§ **EXERCISE DIRECTIONS**:
Starting at the line that contains "fun i j k l => CSeries (fun m => (a", set down each line exactly until the records end, keeping both ends and adding nothing.
....
(* Let $n$ be a positive integer and let $\pi$ be chosen uniformly at random from the permutations of $[n]$ all of whose cycle lengths are odd. For an odd positive integer $k\le n$, let $Y_k$ be the number of elements of $[n]$ lying in $k$-cycles of $\pi$. Then \[ \mathbb{E}_o^{(n)}Y_k=\begin{cases}\dfrac{n(n-2)\cdots(n-k+1)}{(n-1)(n-3)\cdots(n-k)}, & n\text{ even},\\[2ex] \dfrac{(n-1)(n-3)\cdots(n-k+2)}{(n-2)(n-4)\cdots(n-k+1)}, & n\text{ odd},\end{cases} \] where an empty product equals $1$.
   Context: $\mathbb{E}_o^{(n)}$ denotes expectation under the uniform measure on permutations of $[n]$ with all cycle lengths odd. $Y_k=kX_k$, where $X_k$ is the number of $k$-cycles. *)

From mathcomp Require Import all_boot all_order all_algebra all_fingroup.
Set Implicit Arguments. Unset Strict Implicit. Unset Printing Implicit Defensive.
Import GRing.Theory Num.Theory.
Local Open Scope ring_scope.

Definition cycle_len n (s : 'S_n) (x : 'I_n) : nat := #|porbit s x|.

Definition odd_cycle_perms n : {set 'S_n} :=
  [set s : 'S_n | [forall x, odd (cycle_len s x)]].

Definition Yk n (k : nat) (s : 'S_n) : nat :=
  #|[set x : 'I_n | cycle_len s x == k]|.

Definition EoY n (k : nat) : rat :=
  (\sum_(s in odd_cycle_perms n) (Yk k s)%:R) / (#|odd_cycle_perms n|)%:R.

(* Putting a new point right after some y in the cycle structure of s in S_{m+1}, or making
   it a fixed point, is a bijection S_{m+1} x [m+2] -> S_{m+2} that lengthens the cycle of y
   by one and leaves the other cycles alone.  Let O_m count the odd-cycle permutations of
   [m] and C_m(P) those permutations of [m+1] whose cycle through a marked point has length
   in P while all other cycles are odd.  The bijection gives
     C_{m+1}(P) = P(1) O_{m+1} + (m+1) C_m(P(. + 1)).
   Hence a given point of [n] lies in a k-cycle of (n-1)(n-2)...(n-k+1) O_{n-k} odd-cycle
   permutations, and O_{m+2} = O_{m+1} + (m+1) m O_m, i.e. O_q = f(q) O_{q-1} with f(q) the
   largest odd number <= q.  Summing over the marked point,
     E Y_k = n(n-1)...(n-k+1) O_{n-k} / O_n = prod_{n-k < q <= n} q / f(q),
   whose factors are 1 for q odd and q / (q-1) for q even. *)

From mathcomp Require Import all_boot all_order all_algebra all_fingroup.
From mathcomp Require Import zify.
Set Implicit Arguments. Unset Strict Implicit. Unset Printing Implicit Defensive.
Import GRing.Theory Num.Theory.

Section PermOrbits.
Variable T : finType.
Implicit Types (s t : {perm T}) (x z : T).

Lemma porbit_stable s x z : z \in porbit s x -> s z \in porbit s x.
Proof. by case/porbitP=> i ->; rewrite -permM -expgSr mem_porbit. Qed.

Lemma porbit_sub_closed s (A : {set T}) x :
  {in A, forall z, s z \in A} -> x \in A -> porbit s x \subset A.
Proof.
move=> sA xA; apply/subsetP=> _ /porbitP[i ->]; elim: i => [|i IH].
  by rewrite expg0 perm1.
by rewrite expgSr permM; apply: sA.
Qed.

Lemma porbit_of_mem s x z : z \in porbit s x -> porbit s z = porbit s x.
Proof. by rewrite -eq_porbit_mem => /eqP. Qed.
(* Let $n,m\in\mathbb{N}$ with $\gcd(n,m)=1$ and let $\{R_j^{nm,n}\}_{j\in I_{nm,n}}$ be a system of representatives of the right cosets in $\Gamma_0(nm)\backslash\Gamma_0(n)$. Then for every $j\in I_{nm,n}$ there exists a matrix $A(j)\in X_m^\star$ such that $B_m R_j^{nm,n}A(j)^{-1}\in\Gamma_0(n)$, and the map $j\mapsto A(j)$ is a bijection from $I_{nm,n}$ onto $X_m^\star$.
   Context: $\Gamma_0(n)=\{\begin{pmatrix}a&b\\c&d\end{pmatrix}\in SL(2,\mathbb{Z}):n\mid c\}$. $B_m=\begin{pmatrix}m&0\\0&1\end{pmatrix}$. $X_m^\star=\{\begin{pmatrix}c&b\\0&m/c\end{pmatrix}:c\ge1,\ c\mid m,\ 0\le b\le m/c-1,\ \gcd(c,b,m/c)=1\}$. $I_{nm,n}=\{1,\dots,[\Gamma_0(n):\Gamma_0(nm)]\}$. *)

From HB Require Import structures.
From mathcomp Require Import all_boot all_order all_algebra.
Set Implicit Arguments. Unset Strict Implicit. Unset Printing Implicit Defensive.
Import Order.TTheory GRing.Theory Num.Theory.
Local Open Scope ring_scope.

Definition mx2 {R : Type} (a b c d : R) : 'M[R]_2 :=
  \matrix_(i < 2, j < 2)
    if (i : nat) == 0%N then (if (j : nat) == 0%N then a else b)
    else (if (j : nat) == 0%N then c else d).

Definition Gamma0 (n : nat) : pred 'M[int]_2 :=
  fun g => (\det g == 1) && (n%:Z %| g ord_max ord0)%Z.

Definition Bm (m : nat) : 'M[int]_2 := mx2 (m%:Z) 0 0 1.

Definition Xstar (m : nat) : pred 'M[int]_2 :=
  fun A => let c := A ord0 ord0 in let b := A ord0 ord_max in
    [&& A == mx2 c b 0 (m%:Z %/ c)%Z, 1 <= c, (c %| m%:Z)%Z,
        0 <= b, b <= (m%:Z %/ c)%Z - 1 &
        gcdz (gcdz c b) (m%:Z %/ c)%Z == 1].

Definition toQ (A : 'M[int]_2) : 'M[rat]_2 := map_mx (fun z : int => z%:~R) A.

Definition in_right_coset (N : nat) (r g : 'M[int]_2) : Prop :=
  exists2 h, h \in Gamma0 N & g = h *m r.

(* R_0, ..., R_{k-1} (indexing I_{nm,n} = {1..k} shifted to 'I_k) is a system of
   representatives of the right cosets Gamma_0(nm) \ Gamma_0(n). *)
Definition right_coset_reps (n m k : nat) (R : 'I_k -> 'M[int]_2) : Prop :=
  [/\ forall j, R j \in Gamma0 n,
      forall g, g \in Gamma0 n -> exists j, in_right_coset (n * m) (R j) g
    & forall i j g, in_right_coset (n * m) (R i) g ->
                    in_right_coset (n * m) (R j) g -> i = j].

Definition BRAinv_in_Gamma0 (n m : nat) (R A : 'M[int]_2) : Prop :=
  exists2 g, g \in Gamma0 n & toQ g = toQ (Bm m) *m toQ R *m invmx (toQ A).

(* Every integer matrix of positive determinant factors as g * [x y; 0 z] with
   g in SL2(Z), x > 0 and 0 <= y < z, and this Hermite form is unique.  For R in
   Gamma0(n), the Hermite form of B_m R lies in X_m^*: x divides m, so coprimality
   of n and m puts g in Gamma0(n), and gcd(x, y, z) divides the bottom row of R,
   hence det R = 1.  This is A(j): the relation g A = B_m R says that
   B_m R A^-1 = g lies in Gamma0(n).  Since B_m h B_m^-1 lies in Gamma0(n)
   exactly when h lies in Gamma0(nm), two representatives with the same A lie
   in the same coset.
   Conversely every [x y; 0 z] in X_m^* is reached from an explicit R, built
   from some s with gcd(z s + n y, n x) = 1. *)

From HB Require Import structures.
From mathcomp Require Import all_boot all_order all_algebra.
From mathcomp Require Import zify ring.

Set Implicit Arguments.
Unset Strict Implicit.
Unset Printing Implicit Defensive.

Import Order.TTheory GRing.Theory Num.Theory.
(** ||a|| <= e for the l^1 norm  ||a|| = sum_{i,j} |a_ij|  (all finite
    truncations are bounded by e, equivalently the full sum is <= e). *)
Definition mnorm_le (a : Mat) (e : R) : Prop :=
  forall n, rsum n (fun i => rsum n (fun j => Cmod (a i j))) <= e.

Definition in_MN (a : Mat) : Prop := exists M, mnorm_le a M.

Definition mmul (a b : Mat) : Mat :=
  fun i l => CSeries (fun m => (a i m * b m l)%C).

(** The projective tensor product M_N(C) \hat\otimes M_N(C), identified
    (isometrically, via Grothendieck's l^1(I) \hat\otimes l^1(J) = l^1(I x J))
    with l^1(N^4):  (b \otimes c)(i,j,k,l) = b_ij * c_kl. *)
Definition Tens := nat -> nat -> nat -> nat -> C.

Definition tnorm_le (t : Tens) (e : R) : Prop :=
  forall n, rsum n (fun i => rsum n (fun j => rsum n (fun k =>
              rsum n (fun l => Cmod (t i j k l))))) <= e.

Definition in_Tens (t : Tens) : Prop := exists M, tnorm_le t M.

(** Module actions a(b \otimes c) = ab \otimes c and (b \otimes c)a = b \otimes ca. *)
Definition lact (a : Mat) (t : Tens) : Tens :=
  fun i j k l => CSeries (fun m => (a i m * t m j k l)%C).
Definition ract (t : Tens) (a : Mat) : Tens :=
  fun i j k l => CSeries (fun m => (t i j k m * a m l)%C).

(** pi(b \otimes c) = bc. *)
Definition tpi (t : Tens) : Mat :=
  fun i l => CSeries (fun j => t i j j l).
....
§ **EXERCISE OUTPUT**:
  fun i j k l => CSeries (fun m => (a i m * t m j k l)%C).
Definition ract (t : Tens) (a : Mat) : Tens :=
  fun i j k l => CSeries (fun m => (t i j k m * a m l)%C).

(** pi(b \otimes c) = bc. *)
Definition tpi (t : Tens) : Mat :=
  fun i l => CSeries (fun j => t i j j l).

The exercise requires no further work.